Szamballa pojawiła się w świadomości zachodu dzięki przekonaniom Teozofów. 17 listopada 1875 Helena Pietrowna Bławacka (1831-1891) i Colonel Henry Steele Olcott (1832-1907) założyli w Nowym Jorku Towarzystwo Teozoficzne, mistyczny ruch, który przedstawił zachodowi jakieś* naświetlenie religii wschodu, szczególnie buddyzmu.
Bławacka twierdziła, że podczas kilkuletniego pobytu w Tybecie nawiązała bezpośredni kontakt z przebywającymi tam Mistrzami, którzy zapoznali ją ze ściśle strzeżonymi doktrynami. Pewna liczba jej zwolenników sądziła, że najwyższy z owych mistrzów, "Pan Świata " zamieszkał w Szamballi, niewidocznej oazie schowanej na pustyni Gobi. Według ich przekonania, Shamballa była duchowym centrum świata i pierwotnym źródłem tajnych doktryn Teozofii. Tak opisuje to wielu odkrywców, których lamowie starali się utrzymać z daleka od swoich tajemnic. Pomogli oni ustanowić obraz Tybetu jako najwyższe mistyczne sanktuarium, ochronione przez najwyższe góry na ziemi.

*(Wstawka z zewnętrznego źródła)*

Theorem lemma1 (R : realType) (nx nz nu nv N : nat) (nys : 'I_N -> nat)
    (fp : 'rV[R]_nx -> 'rV[R]_nu -> 'rV[R]_nv -> 'rV[R]_nx)
    (h : 'rV[R]_nx -> 'rV[R]_(\sum_(i < N) nys i))
    (fo : 'rV[R]_nz -> 'rV[R]_nu -> 'rV[R]_(\sum_(i < N) nys i) ->
          'rV[R]_(\sum_(i < N) nys i) -> 'rV[R]_nz)
    (psi : 'rV[R]_nz -> 'rV[R]_nx) (psiR : 'rV[R]_nx -> 'rV[R]_nz)
    (U : set 'rV[R]_nu) (Vs : set 'rV[R]_nv)
    (gam alphad : 'I_N -> R -> R) (c b sigma eps : 'I_N -> R) :
  (* standing assumptions on the plant and observer data *)
  (0 < N)%N -> (forall i, 0 < nys i)%N -> (nx <= nz)%N ->
  (forall u v, U u -> Vs v -> loc_lipschitz (fun x => fp x u v)) ->
  (forall x, {within U `*` Vs, continuous (fun w : 'rV[R]_nu * 'rV[R]_nv => fp x w.1 w.2)}) ->
  C1 h ->
  continuous (fun p : 'rV[R]_nz * 'rV[R]_nu * 'rV[R]_(\sum_(i < N) nys i)
                      * 'rV[R]_(\sum_(i < N) nys i) => fo p.1.1.1 p.1.1.2 p.1.2 p.2) ->
  (forall x, psi (psiR x) = x) ->
  (* design parameters *)
  (forall i, Kinf (alphad i)) -> (forall i, 0 <= c i) ->
  (forall i, 0 <= b i <= 1) -> (forall i, 0 <= sigma i) -> (forall i, 0 < eps i) ->
  (* Assumption 2 *)
  Assumption2 fp h fo psi psiR U Vs gam ->
  forall (u : R -> 'rV[R]_nu) (v : R -> 'rV[R]_nv)
         (dom : set (R * nat)) (q : R -> nat -> @state R nx nz N nys),
  inL U u -> inL Vs v ->
  is_solution fp h fo psi gam alphad c b sigma eps dom q u v ->
  (forall i : 'I_N, eventually_small gam eps dom q i ->
     exists K : nat, forall (s : R) (k : nat),
       Tset gam alphad b sigma eps dom q i s k -> (k <= K)%N) /\
  ((forall i : 'I_N, eventually_small gam eps dom q i) ->
     exists K : nat, forall (s : R) (k : nat), dom (s, k) -> (k <= K)%N).
Proof.
move=> _ _ _ _ _ _ _ _ alphad_Kinf _ _ sigma_ge0 _ A2 u v dom q _ _ [dom_htd _ _ jumps].
have gam_Kinf : forall i, Kinf (gam i).
  by case: A2 => [? [? [? [? [? [[_ _ _ Kgam _] _]]]]]].
have Tset_bounded i : eventually_small gam eps dom q i -> exists K : nat,
    forall s k, Tset gam alphad b sigma eps dom q i s k -> (k <= K)%N.
  exact: (Tset_bounded_of_eventually_small b gam_Kinf alphad_Kinf sigma_ge0 dom_htd).
split=> // all_small.
apply: (@dom_bounded_of_Tset_bounded _ _ _ _ _ gam alphad b sigma eps dom q dom_htd).
  by move=> t j dom_tj dom_tj1; case: (jumps t j dom_tj dom_tj1).
by move=> i; apply: Tset_bounded.
Qed.
(* Equal kernels make [eps_chi k0 chi0 y |-> eps_chi k chi y] a well-defined ring map on a
   number field, which extends to [algC] from a primitive element. *)
Lemma same_factor_aut (K : fieldExtType rat) l (l_gt0 : (0 < l)%N) (k0 k : 'I_l)
    (chi0 chi : {rmorphism K -> algC}) (ys : seq {ffun 'I_l -> K}) :
  same_factor (eps_chi k0 chi0) (eps_chi k chi) ->
  exists nu : {rmorphism algC -> algC},
    forall y, y \in ys -> nu (eps_chi k0 chi0 y) = eps_chi k chi y.
Proof.
move=> same_ker.
have ker y : eps_chi k0 chi0 y = 0 -> eps_chi k chi y = 0 := (same_ker y).1.
have [z [a Dz] [ps Dps]] := algC_PET (map (eps_chi k0 chi0) ys).
set x0 := \sum_(i < size (map (eps_chi k0 chi0) ys)) ys`_i *+ a i.
have x0_z : eps_chi k0 chi0 x0 = z.
  rewrite Dz /x0 raddf_sum; apply: eq_bigr => i _.
  by rewrite raddfMn /= (nth_map 0) // -(size_map (eps_chi k0 chi0)).
have poly_eps q : exists y, eps_chi k0 chi0 y = (map_poly ratr q).[z] /\
                            eps_chi k chi y = (map_poly ratr q).[eps_chi k chi x0].
  by rewrite -x0_z; apply: eps_chi_poly.
have [nu nu_z] : exists nu : {rmorphism algC -> algC}, nu z = eps_chi k chi x0.
  apply: algC_conj_aut_exists => q qz; have [y [y0 y1]] := poly_eps q.
  by rewrite -y1; apply: ker; rewrite y0.
exists nu => y /(nthP 0)[i lt_i <-].
have [y' [y'0 y'1]] := poly_eps ps`_i.
have eps0_i : eps_chi k0 chi0 ys`_i = (map_poly ratr ps`_i).[z].
  have size_ps : size ps = size ys by rewrite -(size_map (eps_chi k0 chi0)) Dps size_map.
  by rewrite -(nth_map 0 0 (eps_chi k0 chi0) lt_i) Dps (nth_map 0) // size_ps.
have /eqP : eps_chi k chi (ys`_i - y') = 0 by apply: ker; rewrite raddfB /= eps0_i y'0 subrr.
rewrite raddfB subr_eq0 /= => /eqP ->; rewrite eps0_i y'1 -nu_z.
by rewrite -horner_map -map_poly_comp; congr (_.[_]); apply: eq_map_poly => c /=; rewrite fmorph_rat.
Qed.

Lemma same_factor_aut_gen (K : fieldExtType rat) l (l_gt0 : (0 < l)%N) (k0 k : 'I_l)
    (chi0 chi : {rmorphism K -> algC}) :
  same_factor (eps_chi k0 chi0) (eps_chi k chi) ->
  exists nu : {rmorphism algC -> algC},
    (forall x, nu (chi0 x) = chi x) /\ nu (expi (k0%:R / l%:R)) = expi (k%:R / l%:R).
Proof.
pose g0 : 'I_l := Ordinal l_gt0; pose g1 : 'I_l := Ordinal (ltn_pmod 1 l_gt0).
pose basis := vbasis {:K}.
move=> /(same_factor_aut l_gt0 (gdelta g1 1 :: [seq gdelta g0 b | b <- basis]))[nu nu_eps].
exists nu; split=> [x|].
  have nu_basis b : b \in basis -> nu (chi0 b) = chi b.
    move=> b_basis; have := nu_eps (gdelta g0 b); rewrite inE map_f ?orbT // => /(_ isT).
    by rewrite !eps_chi_gdelta /= !mul0n !mul0r (expi_int 0) !mulr1.
  rewrite (coord_vbasis (memvf x)) !rmorph_sum; apply: eq_bigr => i _.
  by rewrite !rmorphZ_num rmorphM fmorph_rat nu_basis // mem_nth ?size_tuple.
have g1_mul (j : nat) : (j < l)%N -> (g1 * j)%N = j.
  move=> lt_jl; have [l_le1|l_gt1] := leqP l 1%N; last by rewrite /= modn_small ?mul1n.
  have j0 : j = 0%N by apply/eqP; rewrite -leqn0 -ltnS (leq_trans lt_jl l_le1).
  by rewrite j0 muln0.
have := nu_eps (gdelta g1 1); rewrite inE eqxx => /(_ isT).
by rewrite !eps_chi_gdelta !g1_mul // !rmorph1 !mul1r.
Qed.

Theorem lemma3p1
  (K : fieldExtType rat) (n : nat) (rho : {rmorphism K -> 'M[rat]_n})
  (T0 T1 Tinf : 'M[rat]_n)
  (alpha beta : {rmorphism K -> algC} -> 'I_2 -> rat)
  (rank2 : n = (2 * \dim {:K})%N)
  (T0u : T0 \in unitmx) (T1u : T1 \in unitmx) (Tinfu : Tinf \in unitmx)
  (T0c : forall x : K, T0 *m rho x = rho x *m T0)
  (T1c : forall x : K, T1 *m rho x = rho x *m T1)
  (Tinfc : forall x : K, Tinf *m rho x = rho x *m Tinf)
  (T1unip : (T1 - 1%:M) ^+ n = 0)
  (T1rk : (\rank (logU T1) * 2)%N = n)
  (halpha : forall chi, eigen_exps rho chi T0 (alpha chi))
  (hbeta : forall chi, eigen_exps rho chi Tinf (beta chi))
  (l : nat) (hl : (0 < l)%N) (k0 k : 'I_l) (chi0 chi : {rmorphism K -> algC})
  (hI : same_factor (eps_chi k0 chi0) (eps_chi k chi)) :
  exists s : nat -> int, zhat_unit s /\
    exists (sa sb : 'S_2), forall j : 'I_2,
      eqQZ (zhat_act s (k0%:R / l%:R + alpha chi0 j)) (k%:R / l%:R + alpha chi (sa j)) /\
      eqQZ (zhat_act s (k0%:R / l%:R + beta chi0 j)) (k%:R / l%:R + beta chi (sb j)).
Proof.
have [nu [nu_chi nu_zeta_l]] := same_factor_aut_gen hl hI.
have [sa nu_alpha] := eigen_exps_aut nu_chi (halpha chi0) (halpha chi).
have [sb nu_beta] := eigen_exps_aut nu_chi (hbeta chi0) (hbeta chi).
exists (fun n => (aut_exp nu n)%:Z); split; first exact: zhat_unit_aut_exp.
exists sa, sb => j; split; apply: expi_eqQZ;
  by rewrite -expi_aut !expiD rmorphM nu_zeta_l ?nu_alpha ?nu_beta.
Qed.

"Shamballa to jeden z najświętszych sekretów Azji, otoczony wielką czcią i powagą. Dostępu do tajemnic świętego miasta strzegą najbardziej kwalifikowani lamowie, gotowi w jego obronie poświęcić swoje życie."
Wśród tybetańskich mnichów znana jest legenda o tym, iż gdzieś wysoko, w niedostępnych rejonach Himalajów, znajduje się duchowe miasto Shamballa, ukryte pomiędzy lodowymi szczytami, które powstrzymują wszystkich nie posiadających odpowiednich kwalifikacji, by do niego wstąpić. Miejsce to jest portalem łączącą ziemski, materialny świat, z wyższymi wymiarami. Jest cudowną krainą nie skażoną problemami świata materialnego, wolną od cierpień i konfliktów.
Nazwę Shamballa odczytać można jako sanskryckie słowo oznaczające - "źródło szczęścia".